Collected data:
——
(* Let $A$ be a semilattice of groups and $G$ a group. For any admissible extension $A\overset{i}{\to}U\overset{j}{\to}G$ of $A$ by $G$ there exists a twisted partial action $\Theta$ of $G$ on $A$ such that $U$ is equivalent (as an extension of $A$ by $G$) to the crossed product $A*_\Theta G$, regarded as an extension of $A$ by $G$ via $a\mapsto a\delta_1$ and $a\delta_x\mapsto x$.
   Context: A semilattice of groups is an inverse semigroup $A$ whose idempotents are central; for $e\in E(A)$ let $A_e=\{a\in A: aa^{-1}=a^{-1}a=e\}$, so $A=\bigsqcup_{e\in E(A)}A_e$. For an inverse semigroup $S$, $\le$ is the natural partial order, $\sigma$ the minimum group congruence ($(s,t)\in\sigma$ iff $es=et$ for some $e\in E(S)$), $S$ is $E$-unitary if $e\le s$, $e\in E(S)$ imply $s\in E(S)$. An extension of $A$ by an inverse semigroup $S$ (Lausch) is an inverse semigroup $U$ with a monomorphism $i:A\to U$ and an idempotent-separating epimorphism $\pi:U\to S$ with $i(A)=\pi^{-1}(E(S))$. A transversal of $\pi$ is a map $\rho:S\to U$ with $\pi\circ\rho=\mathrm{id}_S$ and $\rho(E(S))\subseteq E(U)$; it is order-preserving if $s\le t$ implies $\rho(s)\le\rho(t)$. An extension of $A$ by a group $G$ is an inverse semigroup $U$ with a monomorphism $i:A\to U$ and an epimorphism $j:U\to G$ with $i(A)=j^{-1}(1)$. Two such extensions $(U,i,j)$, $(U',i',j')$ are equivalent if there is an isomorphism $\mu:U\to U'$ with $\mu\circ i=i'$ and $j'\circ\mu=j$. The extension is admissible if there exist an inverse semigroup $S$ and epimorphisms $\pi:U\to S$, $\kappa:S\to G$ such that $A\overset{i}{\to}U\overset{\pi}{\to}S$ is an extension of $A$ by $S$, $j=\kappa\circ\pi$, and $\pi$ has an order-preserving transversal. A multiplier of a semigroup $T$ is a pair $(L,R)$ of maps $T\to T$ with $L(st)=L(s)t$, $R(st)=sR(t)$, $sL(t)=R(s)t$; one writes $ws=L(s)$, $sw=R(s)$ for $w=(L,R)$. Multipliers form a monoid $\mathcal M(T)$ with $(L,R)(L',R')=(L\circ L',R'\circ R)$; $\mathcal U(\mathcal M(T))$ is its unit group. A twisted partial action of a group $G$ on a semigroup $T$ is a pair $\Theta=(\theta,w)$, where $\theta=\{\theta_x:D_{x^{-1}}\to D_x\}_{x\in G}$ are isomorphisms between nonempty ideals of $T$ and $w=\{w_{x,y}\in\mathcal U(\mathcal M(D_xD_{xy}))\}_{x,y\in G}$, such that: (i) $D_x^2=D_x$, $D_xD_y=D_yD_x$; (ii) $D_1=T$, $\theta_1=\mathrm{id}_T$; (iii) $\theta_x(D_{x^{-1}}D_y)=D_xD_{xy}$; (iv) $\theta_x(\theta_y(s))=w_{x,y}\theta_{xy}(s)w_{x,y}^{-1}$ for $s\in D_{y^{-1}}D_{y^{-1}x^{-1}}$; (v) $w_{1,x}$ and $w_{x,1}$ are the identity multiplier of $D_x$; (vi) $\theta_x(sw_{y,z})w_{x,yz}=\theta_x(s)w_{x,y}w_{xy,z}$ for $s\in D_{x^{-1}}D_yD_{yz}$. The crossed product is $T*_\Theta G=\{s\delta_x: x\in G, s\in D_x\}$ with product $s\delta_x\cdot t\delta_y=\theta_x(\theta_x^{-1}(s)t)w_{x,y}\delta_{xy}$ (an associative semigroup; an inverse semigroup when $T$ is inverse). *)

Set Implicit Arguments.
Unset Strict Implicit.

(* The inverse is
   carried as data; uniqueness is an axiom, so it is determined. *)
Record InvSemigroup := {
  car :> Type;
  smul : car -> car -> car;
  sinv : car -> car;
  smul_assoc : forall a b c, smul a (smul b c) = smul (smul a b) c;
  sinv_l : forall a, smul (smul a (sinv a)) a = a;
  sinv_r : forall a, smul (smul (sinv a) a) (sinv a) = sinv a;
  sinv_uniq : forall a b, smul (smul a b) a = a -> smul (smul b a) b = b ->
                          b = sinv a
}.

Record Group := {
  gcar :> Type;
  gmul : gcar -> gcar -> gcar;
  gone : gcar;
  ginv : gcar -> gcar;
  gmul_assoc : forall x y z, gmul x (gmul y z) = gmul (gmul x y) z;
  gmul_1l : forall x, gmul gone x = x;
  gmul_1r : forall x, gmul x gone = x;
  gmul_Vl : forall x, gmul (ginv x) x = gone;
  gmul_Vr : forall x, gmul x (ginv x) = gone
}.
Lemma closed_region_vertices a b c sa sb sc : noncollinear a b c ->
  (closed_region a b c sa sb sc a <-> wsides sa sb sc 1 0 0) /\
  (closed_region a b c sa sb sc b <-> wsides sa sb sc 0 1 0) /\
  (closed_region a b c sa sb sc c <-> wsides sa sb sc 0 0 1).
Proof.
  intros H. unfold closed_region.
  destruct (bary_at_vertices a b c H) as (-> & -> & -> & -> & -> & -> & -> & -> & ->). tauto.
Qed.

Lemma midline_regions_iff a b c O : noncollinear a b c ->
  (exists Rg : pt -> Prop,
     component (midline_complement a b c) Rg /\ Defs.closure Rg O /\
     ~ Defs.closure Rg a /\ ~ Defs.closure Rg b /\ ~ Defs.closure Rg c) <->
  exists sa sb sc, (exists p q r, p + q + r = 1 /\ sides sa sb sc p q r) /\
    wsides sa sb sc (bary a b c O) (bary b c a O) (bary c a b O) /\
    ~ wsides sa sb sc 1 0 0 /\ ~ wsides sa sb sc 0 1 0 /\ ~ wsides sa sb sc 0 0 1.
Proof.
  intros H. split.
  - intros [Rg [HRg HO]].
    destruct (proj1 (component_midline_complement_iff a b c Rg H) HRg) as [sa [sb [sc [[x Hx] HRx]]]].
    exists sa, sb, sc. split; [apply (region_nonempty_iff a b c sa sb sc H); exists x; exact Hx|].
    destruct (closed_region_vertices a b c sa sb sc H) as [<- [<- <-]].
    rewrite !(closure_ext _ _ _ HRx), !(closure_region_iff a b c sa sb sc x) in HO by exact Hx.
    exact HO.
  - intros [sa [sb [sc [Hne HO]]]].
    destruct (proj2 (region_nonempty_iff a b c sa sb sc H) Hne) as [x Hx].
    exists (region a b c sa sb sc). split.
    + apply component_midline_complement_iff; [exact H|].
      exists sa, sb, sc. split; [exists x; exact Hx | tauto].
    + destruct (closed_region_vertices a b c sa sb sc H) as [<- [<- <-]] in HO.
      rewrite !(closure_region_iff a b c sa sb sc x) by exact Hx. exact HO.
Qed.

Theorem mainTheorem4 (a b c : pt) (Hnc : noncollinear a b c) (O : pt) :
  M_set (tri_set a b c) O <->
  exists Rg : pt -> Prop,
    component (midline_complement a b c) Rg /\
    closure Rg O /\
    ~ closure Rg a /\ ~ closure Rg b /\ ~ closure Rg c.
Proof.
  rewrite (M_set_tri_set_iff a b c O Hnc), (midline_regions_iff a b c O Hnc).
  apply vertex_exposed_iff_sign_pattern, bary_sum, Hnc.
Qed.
——
• **ACTION ITEM**
Repeat every entry exactly, leaving nothing out.

• **WRITTEN ANSWER**
(* Let $A$ be a semilattice of groups and $G$ a group. For any admissible extension $A\overset{i}{\to}U\overset{j}{\to}G$ of $A$ by $G$ there exists a twisted partial action $\Theta$ of $G$ on $A$ such that $U$ is equivalent (as an extension of $A$ by $G$) to the crossed product $A*_\Theta G$, regarded as an extension of $A$ by $G$ via $a\mapsto a\delta_1$ and $a\delta_x\mapsto x$.
   Context: A semilattice of groups is an inverse semigroup $A$ whose idempotents are central; for $e\in E(A)$ let $A_e=\{a\in A: aa^{-1}=a^{-1}a=e\}$, so $A=\bigsqcup_{e\in E(A)}A_e$. For an inverse semigroup $S$, $\le$ is the natural partial order, $\sigma$ the minimum group congruence ($(s,t)\in\sigma$ iff $es=et$ for some $e\in E(S)$), $S$ is $E$-unitary if $e\le s$, $e\in E(S)$ imply $s\in E(S)$. An extension of $A$ by an inverse semigroup $S$ (Lausch) is an inverse semigroup $U$ with a monomorphism $i:A\to U$ and an idempotent-separating epimorphism $\pi:U\to S$ with $i(A)=\pi^{-1}(E(S))$. A transversal of $\pi$ is a map $\rho:S\to U$ with $\pi\circ\rho=\mathrm{id}_S$ and $\rho(E(S))\subseteq E(U)$; it is order-preserving if $s\le t$ implies $\rho(s)\le\rho(t)$. An extension of $A$ by a group $G$ is an inverse semigroup $U$ with a monomorphism $i:A\to U$ and an epimorphism $j:U\to G$ with $i(A)=j^{-1}(1)$. Two such extensions $(U,i,j)$, $(U',i',j')$ are equivalent if there is an isomorphism $\mu:U\to U'$ with $\mu\circ i=i'$ and $j'\circ\mu=j$. The extension is admissible if there exist an inverse semigroup $S$ and epimorphisms $\pi:U\to S$, $\kappa:S\to G$ such that $A\overset{i}{\to}U\overset{\pi}{\to}S$ is an extension of $A$ by $S$, $j=\kappa\circ\pi$, and $\pi$ has an order-preserving transversal. A multiplier of a semigroup $T$ is a pair $(L,R)$ of maps $T\to T$ with $L(st)=L(s)t$, $R(st)=sR(t)$, $sL(t)=R(s)t$; one writes $ws=L(s)$, $sw=R(s)$ for $w=(L,R)$. Multipliers form a monoid $\mathcal M(T)$ with $(L,R)(L',R')=(L\circ L',R'\circ R)$; $\mathcal U(\mathcal M(T))$ is its unit group. A twisted partial action of a group $G$ on a semigroup $T$ is a pair $\Theta=(\theta,w)$, where $\theta=\{\theta_x:D_{x^{-1}}\to D_x\}_{x\in G}$ are isomorphisms between nonempty ideals of $T$ and $w=\{w_{x,y}\in\mathcal U(\mathcal M(D_xD_{xy}))\}_{x,y\in G}$, such that: (i) $D_x^2=D_x$, $D_xD_y=D_yD_x$; (ii) $D_1=T$, $\theta_1=\mathrm{id}_T$; (iii) $\theta_x(D_{x^{-1}}D_y)=D_xD_{xy}$; (iv) $\theta_x(\theta_y(s))=w_{x,y}\theta_{xy}(s)w_{x,y}^{-1}$ for $s\in D_{y^{-1}}D_{y^{-1}x^{-1}}$; (v) $w_{1,x}$ and $w_{x,1}$ are the identity multiplier of $D_x$; (vi) $\theta_x(sw_{y,z})w_{x,yz}=\theta_x(s)w_{x,y}w_{xy,z}$ for $s\in D_{x^{-1}}D_yD_{yz}$. The crossed product is $T*_\Theta G=\{s\delta_x: x\in G, s\in D_x\}$ with product $s\delta_x\cdot t\delta_y=\theta_x(\theta_x^{-1}(s)t)w_{x,y}\delta_{xy}$ (an associative semigroup; an inverse semigroup when $T$ is inverse). *)

Set Implicit Arguments.
Unset Strict Implicit.

(* The inverse is
   carried as data; uniqueness is an axiom, so it is determined. *)
Record InvSemigroup := {
  car :> Type;
  smul : car -> car -> car;
  sinv : car -> car;
  smul_assoc : forall a b c, smul a (smul b c) = smul (smul a b) c;
  sinv_l : forall a, smul (smul a (sinv a)) a = a;
  sinv_r : forall a, smul (smul (sinv a) a) (sinv a) = sinv a;
  sinv_uniq : forall a b, smul (smul a b) a = a -> smul (smul b a) b = b ->
                          b = sinv a
}.

Record Group := {
  gcar :> Type;
  gmul : gcar -> gcar -> gcar;
  gone : gcar;
  ginv : gcar -> gcar;
  gmul_assoc : forall x y z, gmul x (gmul y z) = gmul (gmul x y) z;
  gmul_1l : forall x, gmul gone x = x;
  gmul_1r : forall x, gmul x gone = x;
  gmul_Vl : forall x, gmul (ginv x) x = gone;
  gmul_Vr : forall x, gmul x (ginv x) = gone
}.
Lemma closed_region_vertices a b c sa sb sc : noncollinear a b c ->
  (closed_region a b c sa sb sc a <-> wsides sa sb sc 1 0 0) /\
  (closed_region a b c sa sb sc b <-> wsides sa sb sc 0 1 0) /\
  (closed_region a b c sa sb sc c <-> wsides sa sb sc 0 0 1).
Proof.
  intros H. unfold closed_region.
  destruct (bary_at_vertices a b c H) as (-> & -> & -> & -> & -> & -> & -> & -> & ->). tauto.
Qed.

Lemma midline_regions_iff a b c O : noncollinear a b c ->
  (exists Rg : pt -> Prop,
     component (midline_complement a b c) Rg /\ Defs.closure Rg O /\
     ~ Defs.closure Rg a /\ ~ Defs.closure Rg b /\ ~ Defs.closure Rg c) <->
  exists sa sb sc, (exists p q r, p + q + r = 1 /\ sides sa sb sc p q r) /\
    wsides sa sb sc (bary a b c O) (bary b c a O) (bary c a b O) /\
    ~ wsides sa sb sc 1 0 0 /\ ~ wsides sa sb sc 0 1 0 /\ ~ wsides sa sb sc 0 0 1.
Proof.
  intros H. split.
  - intros [Rg [HRg HO]].
    destruct (proj1 (component_midline_complement_iff a b c Rg H) HRg) as [sa [sb [sc [[x Hx] HRx]]]].
    exists sa, sb, sc. split; [apply (region_nonempty_iff a b c sa sb sc H); exists x; exact Hx|].
    destruct (closed_region_vertices a b c sa sb sc H) as [<- [<- <-]].
    rewrite !(closure_ext _ _ _ HRx), !(closure_region_iff a b c sa sb sc x) in HO by exact Hx.
    exact HO.
  - intros [sa [sb [sc [Hne HO]]]].
    destruct (proj2 (region_nonempty_iff a b c sa sb sc H) Hne) as [x Hx].
    exists (region a b c sa sb sc). split.
    + apply component_midline_complement_iff; [exact H|].
      exists sa, sb, sc. split; [exists x; exact Hx | tauto].
    + destruct (closed_region_vertices a b c sa sb sc H) as [<- [<- <-]] in HO.
      rewrite !(closure_region_iff a b c sa sb sc x) by exact Hx. exact HO.
Qed.

Theorem mainTheorem4 (a b c : pt) (Hnc : noncollinear a b c) (O : pt) :
  M_set (tri_set a b c) O <->
  exists Rg : pt -> Prop,
    component (midline_complement a b c) Rg /\
    closure Rg O /\
    ~ closure Rg a /\ ~ closure Rg b /\ ~ closure Rg c.
Proof.
  rewrite (M_set_tri_set_iff a b c O Hnc), (midline_regions_iff a b c O Hnc).
  apply vertex_exposed_iff_sign_pattern, bary_sum, Hnc.
Qed.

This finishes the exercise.